=== Begin Enclosure ===
(* In the calculus $\lambda^{RE}$ described in the context: if $e_1\Rrightarrow e_2$, then for every constant $c$, $e_1\to^*c$ if and only if $e_2\to^*c$.
   Context: Syntax of $\lambda^{RE}$. Basic types $b ::= \mathsf{Bool}\mid\mathsf{Unit}$. Constants $c ::= \mathsf{true}\mid\mathsf{false}\mid\mathsf{unit}\mid (=_b)\mid (=_{(c,b)})$. Expressions $e ::= c\mid x\mid e\ e\mid \lambda x{:}\tau.\,e\mid \mathsf{BEq}_b\ e\ e\ e\mid \mathsf{XEq}_{x:\tau\to\tau}\ e\ e\ e$. Values $v ::= c\mid \lambda x{:}\tau.\,e\mid \mathsf{BEq}_b\ e\ e\ v\mid \mathsf{XEq}_{x:\tau\to\tau}\ e\ e\ v$. Types $\tau ::= \{x{:}b\mid e\}\mid x{:}\tau\to\tau\mid \mathsf{PEq}_{\tau}\{e\}\{e\}$. $e[x:=e']$ is capture-avoiding substitution. Reduction: evaluation contexts $E ::= \bullet\mid E\ e\mid v\ E\mid \mathsf{BEq}_b\ e\ e\ E\mid\mathsf{XEq}_{x:\tau\to\tau}\ e\ e\ E$; $E[e]\to E[e']$ if $e\to e'$; $(\lambda x{:}\tau.\,e)\ v\to e[x:=v]$; $(=_b)\ c_1\to(=_{(c_1,b)})$; $(=_{(c_1,b)})\ c_2\to\mathsf{true}$ if $c_1,c_2$ syntactically equal, else $\to\mathsf{false}$. $\to^*$ is the reflexive–transitive closure. Parallel reduction $e\Rrightarrow e'$ and $\tau\Rrightarrow\tau'$ is defined inductively: $x\Rrightarrow x$; $c\Rrightarrow c$; $\lambda x{:}\tau.e\Rrightarrow\lambda x{:}\tau'.e'$ if $\tau\Rrightarrow\tau'$, $e\Rrightarrow e'$; $e_1\ e_2\Rrightarrow e_1'\ e_2'$ if $e_i\Rrightarrow e_i'$; $(\lambda x{:}\tau.e)\ v\Rrightarrow e'[x:=v']$ if $e\Rrightarrow e'$ and $v\Rrightarrow v'$; $(=_b)\ c_1\Rrightarrow(=_{(c_1,b)})$; $(=_{(c_1,b)})\ c_2\Rrightarrow d$ where $d=\mathsf{true}$ if $c_1,c_2$ are syntactically equal and $d=\mathsf{false}$ otherwise; $\mathsf{BEq}_b\ e_l\ e_r\ e\Rrightarrow\mathsf{BEq}_b\ e_l'\ e_r'\ e'$ if $e_l\Rrightarrow e_l'$, $e_r\Rrightarrow e_r'$, $e\Rrightarrow e'$; $\mathsf{XEq}_{x:\tau_x\to\tau}\ e_l\ e_r\ e\Rrightarrow\mathsf{XEq}_{x:\tau_x'\to\tau'}\ e_l'\ e_r'\ e'$ if all five components parallel reduce; on types: $\{x{:}b\mid r\}\Rrightarrow\{x{:}b\mid r'\}$ if $r\Rrightarrow r'$; $x{:}\tau_x\to\tau\Rrightarrow x{:}\tau_x'\to\tau'$ if $\tau_x\Rrightarrow\tau_x'$, $\tau\Rrightarrow\tau'$; $\mathsf{PEq}_\tau\{e_l\}\{e_r\}\Rrightarrow\mathsf{PEq}_{\tau'}\{e_l'\}\{e_r'\}$ if all components parallel reduce. *)

From Stdlib Require Import Arith Relations.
=== End Enclosure ===
Description of the task → The material must be written out again in full and without changes.

Result of the task →
(* In the calculus $\lambda^{RE}$ described in the context: if $e_1\Rrightarrow e_2$, then for every constant $c$, $e_1\to^*c$ if and only if $e_2\to^*c$.
   Context: Syntax of $\lambda^{RE}$. Basic types $b ::= \mathsf{Bool}\mid\mathsf{Unit}$. Constants $c ::= \mathsf{true}\mid\mathsf{false}\mid\mathsf{unit}\mid (=_b)\mid (=_{(c,b)})$. Expressions $e ::= c\mid x\mid e\ e\mid \lambda x{:}\tau.\,e\mid \mathsf{BEq}_b\ e\ e\ e\mid \mathsf{XEq}_{x:\tau\to\tau}\ e\ e\ e$. Values $v ::= c\mid \lambda x{:}\tau.\,e\mid \mathsf{BEq}_b\ e\ e\ v\mid \mathsf{XEq}_{x:\tau\to\tau}\ e\ e\ v$. Types $\tau ::= \{x{:}b\mid e\}\mid x{:}\tau\to\tau\mid \mathsf{PEq}_{\tau}\{e\}\{e\}$. $e[x:=e']$ is capture-avoiding substitution. Reduction: evaluation contexts $E ::= \bullet\mid E\ e\mid v\ E\mid \mathsf{BEq}_b\ e\ e\ E\mid\mathsf{XEq}_{x:\tau\to\tau}\ e\ e\ E$; $E[e]\to E[e']$ if $e\to e'$; $(\lambda x{:}\tau.\,e)\ v\to e[x:=v]$; $(=_b)\ c_1\to(=_{(c_1,b)})$; $(=_{(c_1,b)})\ c_2\to\mathsf{true}$ if $c_1,c_2$ syntactically equal, else $\to\mathsf{false}$. $\to^*$ is the reflexive–transitive closure. Parallel reduction $e\Rrightarrow e'$ and $\tau\Rrightarrow\tau'$ is defined inductively: $x\Rrightarrow x$; $c\Rrightarrow c$; $\lambda x{:}\tau.e\Rrightarrow\lambda x{:}\tau'.e'$ if $\tau\Rrightarrow\tau'$, $e\Rrightarrow e'$; $e_1\ e_2\Rrightarrow e_1'\ e_2'$ if $e_i\Rrightarrow e_i'$; $(\lambda x{:}\tau.e)\ v\Rrightarrow e'[x:=v']$ if $e\Rrightarrow e'$ and $v\Rrightarrow v'$; $(=_b)\ c_1\Rrightarrow(=_{(c_1,b)})$; $(=_{(c_1,b)})\ c_2\Rrightarrow d$ where $d=\mathsf{true}$ if $c_1,c_2$ are syntactically equal and $d=\mathsf{false}$ otherwise; $\mathsf{BEq}_b\ e_l\ e_r\ e\Rrightarrow\mathsf{BEq}_b\ e_l'\ e_r'\ e'$ if $e_l\Rrightarrow e_l'$, $e_r\Rrightarrow e_r'$, $e\Rrightarrow e'$; $\mathsf{XEq}_{x:\tau_x\to\tau}\ e_l\ e_r\ e\Rrightarrow\mathsf{XEq}_{x:\tau_x'\to\tau'}\ e_l'\ e_r'\ e'$ if all five components parallel reduce; on types: $\{x{:}b\mid r\}\Rrightarrow\{x{:}b\mid r'\}$ if $r\Rrightarrow r'$; $x{:}\tau_x\to\tau\Rrightarrow x{:}\tau_x'\to\tau'$ if $\tau_x\Rrightarrow\tau_x'$, $\tau\Rrightarrow\tau'$; $\mathsf{PEq}_\tau\{e_l\}\{e_r\}\Rrightarrow\mathsf{PEq}_{\tau'}\{e_l'\}\{e_r'\}$ if all components parallel reduce. *)

From Stdlib Require Import Arith Relations.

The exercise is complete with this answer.